We can recognize Babylon as any society that makes wealth acquisition its top priority at the expense of others (i.e., slavery in Rome, or enslavement by debt in modern societies) and one that opposes God’s standards of morality while persecuting Christians who would stand against its man-made standards.
Coronavirus vs Globalization
Globalists/progressives try to plan the world’s course without God. Our modern day situation is really not that much different than that at the tower of Babel. The predictable outcome now seen in the developed world—record individual, government and corporate debt, unrestrained sexual immorality, rampant abortion, small families and the resultant demographic crises—can be directly attributed to the all-out quest to serve money instead of God.
The coronavirus, with astonishing speed, has brought the global economy to a standstill.
Will anyone notice the spiritual implications?
We don’t know how long the coronavirus will wreak havoc on the global economy. But even if the pandemic ends sooner than expected, it will leave in its wake a worldwide economic crisis (more on that in my past and future blogs).
Has coronavirus dealt a serious blow to globalization? Or, will progressives find a way to use it to their advantage, not willing to let any crisis go to waste? It’s not hard to imagine a progressive call to unite the world to fight future pandemics and to resolve the looming worldwide economic crisis. Of course, they will want to expand government to attain their goal.
Bursting Babylon’s Bubble
This is where American Evangelical Christians need discernment. We have been told that, before coronavirus, the United States economy was very strong; even the best we’ve ever had. That’s a lie. Our economy and the world economy were unsustainable; they were built on debt. Coronavirus was simply the pin that pricked the debt bubble. The underlying problems in our economy and that of the world are so deep and severe that two or three months of a shut down economy pale in comparison.
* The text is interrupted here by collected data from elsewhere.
(* Let $\varphi$ be a Boolean formula in 3-CNF and let $G$ be the graph constructed from $\varphi$ as described in the context. Let $X\subseteq V(G)$ be a minimum cluster deletion set of $G$. Then, for every clause gadget of $G$ (i.e., every $i\in\{1,\dots,m\}$), $X$ contains all vertices of two of the three sides $S_{1,i},S_{2,i},S_{3,i}$ and none of the vertices of the third side.
   Context: Let $\varphi$ consist of clauses $C_1,\dots,C_m$ over variables $x_1,\dots,x_n$, each clause containing exactly three literals, $C_i=(L_i^1\vee L_i^2\vee L_i^3)$. The graph $G$ has vertex set $\{u_{r,s,i}: r\in\{1,2,3\}, s\in\{1,\dots,7\}, i\in\{1,\dots,m\}\}\cup\{v_{r,s,j}: r\in\{1,2\}, s\in\{1,2,3\}, j\in\{1,\dots,n\}\}$ and edge set consisting of: $\{u_{r,s,i},u_{r',s',i}\}$ for all $r\ne r'$ in $\{1,2,3\}$, all $s,s'\in\{1,\dots,7\}$, all $i$; $\{v_{1,s,j},v_{2,s',j}\}$ for all $s,s'\in\{1,2,3\}$, all $j$; $\{u_{r,s,i},v_{1,s',j}\}$ for all $s\in\{1,\dots,7\}$, $s'\in\{1,2,3\}$ whenever $L_i^r = x_j$; and $\{u_{r,s,i},v_{2,s',j}\}$ for all $s\in\{1,\dots,7\}$, $s'\in\{1,2,3\}$ whenever $L_i^r=\neg x_j$. The clause gadget of $C_i$ is the complete tripartite graph on $\{u_{r,s,i}\}$ with sides $S_{r,i}=\{u_{r,s,i}: s\in\{1,\dots,7\}\}$, $r=1,2,3$; the variable gadget of $x_j$ is the complete bipartite graph on $\{v_{r,s,j}\}$ with sides $T_{r,j}=\{v_{r,s,j}: s\in\{1,2,3\}\}$, $r=1,2$. A cluster deletion set of $G$ is a set $X\subseteq V(G)$ such that $G-X$ contains no induced path on three vertices; it is minimum if it has the smallest possible size. *)

From mathcomp Require Import all_boot.
Set Implicit Arguments. Unset Strict Implicit. Unset Printing Implicit Defensive.

(* A 3-CNF formula with m clauses over n variables: [phi i r] is the literal
   L_i^{r+1} of clause C_{i+1}, encoded as (variable index j, polarity b),
   with b = true meaning the literal x_j and b = false meaning ~ x_j. *)
Definition cnf3 (m n : nat) := 'I_m -> 'I_3 -> 'I_n * bool.

(* Vertices: inl (r, s, i) is u_{r+1,s+1,i+1};
             inr (r, s, j) is v_{r+1,s+1,j+1}. *)
Definition vtx (m n : nat) : finType :=
  (('I_3 * 'I_7 * 'I_m) + ('I_2 * 'I_3 * 'I_n))%type.

(* the variable side attached to a literal: v_1 (r = 0) for x_j, v_2 (r = 1) for ~x_j *)
Definition lit_side (b : bool) : nat := if b then 0 else 1.

Definition uv_adj m n (phi : cnf3 m n) (a : 'I_3 * 'I_7 * 'I_m) (b : 'I_2 * 'I_3 * 'I_n) : bool :=
  ((phi a.2 a.1.1).1 == b.2) && (nat_of_ord b.1.1 == lit_side (phi a.2 a.1.1).2).

Definition adj m n (phi : cnf3 m n) : rel (vtx m n) := fun x y =>
  match x, y with
  | inl a, inl a' => (a.2 == a'.2) && (a.1.1 != a'.1.1)
  | inr b, inr b' => (b.2 == b'.2) && (b.1.1 != b'.1.1)
  | inl a, inr b => uv_adj phi a b
  | inr b, inl a => uv_adj phi a b
  end.

Definition cluster_deletion_set m n (phi : cnf3 m n) (X : {set vtx m n}) : Prop :=
  forall x y z : vtx m n, x \notin X -> y \notin X -> z \notin X ->
    x != z -> adj phi x y -> adj phi y z -> adj phi x z.

Definition min_cluster_deletion_set m n (phi : cnf3 m n) (X : {set vtx m n}) : Prop :=
  cluster_deletion_set phi X /\
  forall Y : {set vtx m n}, cluster_deletion_set phi Y -> #|X| <= #|Y|.

Definition side m n (r : 'I_3) (i : 'I_m) : {set vtx m n} :=
  [set inl (r, s, i) | s : 'I_7].

From mathcomp Require Import all_boot.
From mathcomp Require Import zify.
Set Implicit Arguments. Unset Strict Implicit. Unset Printing Implicit Defensive.

(* All vertices of a side S_r of a clause gadget have the same neighbourhood
   N_r: the two other sides and the three vertices of the variable side
   T_{l,j} matching the literal L_i^r.  Trading X ∩ S_r for N_r \ X gives
   another cluster deletion set, so minimality yields |S_r ∩ X| <= |N_r \ X|.
   If every side had at most one vertex outside X this would read 6 <= 2 + 3;
   hence some S_r has two (non-adjacent) vertices outside X, all their common
   neighbours N_r lie in X, and the inequality then forces S_r ∩ X = ∅. *)

Lemma card_bigcup_leq (I T : finType) (P : pred I) (F : I -> {set T}) :
  #|\bigcup_(j | P j) F j| <= \sum_(j | P j) #|F j|.
Proof.
elim/big_ind2: _ => [|a A b B hA hB|//]; first by rewrite cards0.
by apply: leq_trans (leq_card_setU A B) _; apply: leq_add.
Qed.

Section ClusterDeletion.
Variables (m n : nat) (phi : cnf3 m n).
Implicit Types X S Z : {set vtx m n}.

Lemma adj_sym : symmetric (adj phi).
Proof. by case=> [a|b] [a'|b'] //=; rewrite eq_sym [X in _ && ~~ X]eq_sym. Qed.

Lemma cds_common_nbr X u v w : cluster_deletion_set phi X ->
  u \notin X -> v \notin X -> u != v -> ~~ adj phi u v ->
  adj phi u w -> adj phi w v -> w \in X.
Proof.
move=> cX uX vX uv nuv uw wv; apply/negPn/negP => wX.
by rewrite (cX _ _ _ uX wX vX uv uw wv) in nuv.
Qed.

Lemma cds_replace X S Z : (forall v w, v \in S -> adj phi v w -> w \in Z) ->
  cluster_deletion_set phi X -> cluster_deletion_set phi ((X :\: S) :|: Z).
Proof.
move=> closedSZ cX x y z xY yY zY xz xy yz.
have outX v w : v \notin (X :\: S) :|: Z -> w \notin (X :\: S) :|: Z ->
    adj phi v w -> v \notin X.
  move=> vY wY vw; apply/negP => vX; move: vY wY; rewrite !inE vX andbT.
  by case: (boolP (v \in S)) => [vS _|//]; rewrite (closedSZ v w vS vw) orbT.
have yx : adj phi y x by rewrite adj_sym.
have zy : adj phi z y by rewrite adj_sym.
exact: cX (outX _ _ xY yY xy) (outX _ _ yY xY yx) (outX _ _ zY yY zy) xz xy yz.
Qed.

Lemma min_cds_card_le X S Z : min_cluster_deletion_set phi X ->
  (forall v w, v \in S -> adj phi v w -> w \in Z) -> [disjoint S & Z] ->
  #|S :&: X| <= #|Z :\: X|.
Proof.
move=> [cX minX] closedSZ disjSZ.
have := minX _ (cds_replace closedSZ cX).
have -> : (X :\: S) :|: Z = (X :\: S) :|: (Z :\: X).
  apply/setP => w; rewrite !inE; case: (boolP (w \in Z)) => wZ; last by rewrite andbF.
  by rewrite (disjointFl disjSZ wZ) orbT andbT; case: (w \in X).
have [cardU _] := leq_card_setU (X :\: S) (Z :\: X); have := cardsID S X.
rewrite setIC; lia.
Qed.

End ClusterDeletion.

Section ClauseGadget.
Variables (m n : nat) (phi : cnf3 m n) (i : 'I_m).
Implicit Types X : {set vtx m n}.

Definition lit_block (r : 'I_3) : {set vtx m n} :=
  [set inr (inord (lit_side (phi i r).2), s, (phi i r).1) | s : 'I_3].

Definition side_nbhd (r : 'I_3) : {set vtx m n} :=
  (\bigcup_(r' in [set~ r]) side n r' i) :|: lit_block r.

Lemma sideP r x : reflect (exists s, x = inl (r, s, i)) (x \in side n r i).
Proof. by apply: (iffP imsetP) => [[s _ ->]|[s ->]]; exists s. Qed.

Lemma card_side r : #|side n r i| = 7.
Proof. by rewrite card_imset ?card_ord // => s s' []. Qed.

Lemma card_lit_block r : #|lit_block r| <= 3.
Proof. by rewrite -[3](card_ord 3) leq_imset_card. Qed.

Lemma adj_side_nbhd r s w : adj phi (inl (r, s, i)) w = (w \in side_nbhd r).
Proof.
rewrite in_setU; case: w => [[[r' s'] i']|[[l s'] j]] /=.
- rewrite [_ \in lit_block r](introF imsetP) ?orbF; last by case.
  apply/andP/bigcupP => [[/eqP <- rr']|[r'' + /sideP [_ [-> _ ->]]]].
  + by exists r'; [rewrite in_setC1 eq_sym | apply/sideP; exists s'].
  + by rewrite in_setC1 eqxx eq_sym.
- rewrite (introF bigcupP) /=; last by case=> ? _ /sideP [].
  have lit_side_lt2 b : lit_side b < 2 by case: b.
  rewrite /uv_adj /=; apply/andP/imsetP => [[/eqP <- /eqP hl]|[s'' _ [-> _ ->]]].
  + by exists s' => //; congr (inr (_, _, _)); apply: val_inj; rewrite /= inordK.
  + by rewrite eqxx inordK.
Qed.

Lemma side_nbhd_closed r v w :
  v \in side n r i -> adj phi v w -> w \in side_nbhd r.
Proof. by case/sideP=> s ->; rewrite adj_side_nbhd. Qed.

Lemma disjoint_side_nbhd r : [disjoint side n r i & side_nbhd r].
Proof.
apply/pred0P => w /=; apply/negbTE/andP => -[/sideP [s ->]].
by rewrite -(adj_side_nbhd r s) /= !eqxx.
Qed.

Lemma side_nbhd_sub_cds X r : cluster_deletion_set phi X ->
  1 < #|side n r i :\: X| -> side_nbhd r \subset X.
Proof.
move=> cX /card_gt1P [u [v [/setDP [/sideP [s ->] uX]]]].
case=> /setDP [/sideP [s' ->] vX] uv.
apply/subsetP => w; rewrite -(adj_side_nbhd r s) => uw.
apply: (cds_common_nbr cX uX vX uv) => //=; first by rewrite !eqxx.
by rewrite adj_sym adj_side_nbhd -(adj_side_nbhd r s).
Qed.

Lemma card_side_nbhd_setD X r :
  (forall r', #|side n r' i :\: X| <= 1) -> #|side_nbhd r :\: X| <= 5.
Proof.
move=> le1; rewrite setDUl.
have [cardU _] := leq_card_setU
  ((\bigcup_(r' in [set~ r]) side n r' i) :\: X) (lit_block r :\: X).
have : #|lit_block r :\: X| <= 3.
  exact: leq_trans (subset_leq_card (subsetDl _ _)) (card_lit_block r).
have : #|(\bigcup_(r' in [set~ r]) side n r' i) :\: X| <= 2.
  apply: leq_trans (_ : _ <= #|\bigcup_(r' in [set~ r]) (side n r' i :\: X)|) _.
    apply/subset_leq_card/subsetP => w /setDP [/bigcupP [r' r'r wS] wX].
    by apply/bigcupP; exists r' => //; apply/setDP.
  apply: leq_trans (card_bigcup_leq _ _) _.
  apply: (@leq_trans (\sum_(r' in [set~ r]) 1)); first by apply: leq_sum.
  by rewrite sum_nat_const cardsC1 card_ord.
lia.
Qed.

Lemma exists_side_two_out X : min_cluster_deletion_set phi X ->
  exists r, 1 < #|side n r i :\: X|.
Proof.
move=> minX; apply/existsP; apply: contraT; rewrite negb_exists => /forallP none.
have le1 r : #|side n r i :\: X| <= 1 by rewrite leqNgt none.
have := min_cds_card_le minX (side_nbhd_closed (r := ord0))
  (disjoint_side_nbhd ord0).
have := card_side_nbhd_setD ord0 le1; have := cardsID X (side n ord0 i).
by rewrite card_side; have := le1 ord0; lia.
Qed.

End ClauseGadget.

Theorem lemma10 (m n : nat) (phi : cnf3 m n) (X : {set vtx m n}) :
  min_cluster_deletion_set phi X ->
  forall i : 'I_m, exists r : 'I_3,
    [disjoint side n r i & X] /\
    (forall r' : 'I_3, r' != r -> side n r' i \subset X).
Proof.
move=> minX i.
have [r two_out] := exists_side_two_out i minX.
have nbhdX := side_nbhd_sub_cds minX.1 two_out.
exists r; split.
- have := min_cds_card_le minX (side_nbhd_closed (i := i) (r := r))
    (disjoint_side_nbhd phi i r).
  have /eqP -> : side_nbhd phi i r :\: X == set0 by rewrite setD_eq0.
  by rewrite cards0 leqn0 cards_eq0 setI_eq0.
- move=> r' r'r; apply: subset_trans nbhdX; apply: subset_trans (subsetUl _ _).
  by apply: (bigcup_sup r'); rewrite in_setC1.
Qed.
(* If a billiard-like interval exchange transformation $f$ of $I=[-1,1)$ satisfies the modified Keane condition, then $f$ has no periodic points.
   Context: An interval exchange transformation of $I=[-1,1)$: a finite partition $\{I_\alpha\}_{\alpha\in\mathcal{A}}$ of $I$ into intervals closed on the left and open on the right ($|\mathcal{A}|\ge2$), and a bijection $f:I\to I$ whose restriction to each $I_\alpha$ is a translation. Let $p_\alpha$ be the left endpoint of $I_\alpha$. $f$ is billiard-like if: each $I_\alpha$ is contained in $[-1,0)$ or in $[0,1)$; each $f(I_\alpha)$ is contained in $[-1,0)$ or in $[0,1)$; and each of $[-1,0)$, $[0,1)$ contains at least two intervals of the partition. A billiard-like $f$ satisfies the modified Keane condition if $f^m(p_\alpha)\ne p_\beta$ for all $m\ge1$, all $\alpha\in\mathcal{A}$, and all $\beta\in\mathcal{A}$ with $p_\beta\notin\{-1,0\}$. *)

From mathcomp Require Import all_boot.
From Stdlib Require Import Reals.
Open Scope R_scope.
Set Implicit Arguments.
Unset Strict Implicit.

Definition inI (x : R) : Prop := -1 <= x < 1.

Definition inCO (a b x : R) : Prop := a <= x < b.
Years of artificially low interest rates have increased the money supply (in the form of debt) to unprecedented levels. When all of that money is unleashed on economies that have misallocated resources into non-productive assets, prices will skyrocket as competition for necessities increases amid a slowed economy. The world is awash in debt it cannot repay (Psalm 37:21). Babylon cannot solve the problems it has made for itself.
God will not give his glory to another (Isaiah 42:8). Not to progressives, not to conservative politicians, not to our economy, not to a united world. God provided the solution to the world’s problems when Jesus Christ died on the cross for our sins and rose from the dead. If Christians are to unite, let’s do so to proclaim God’s mercy to the world.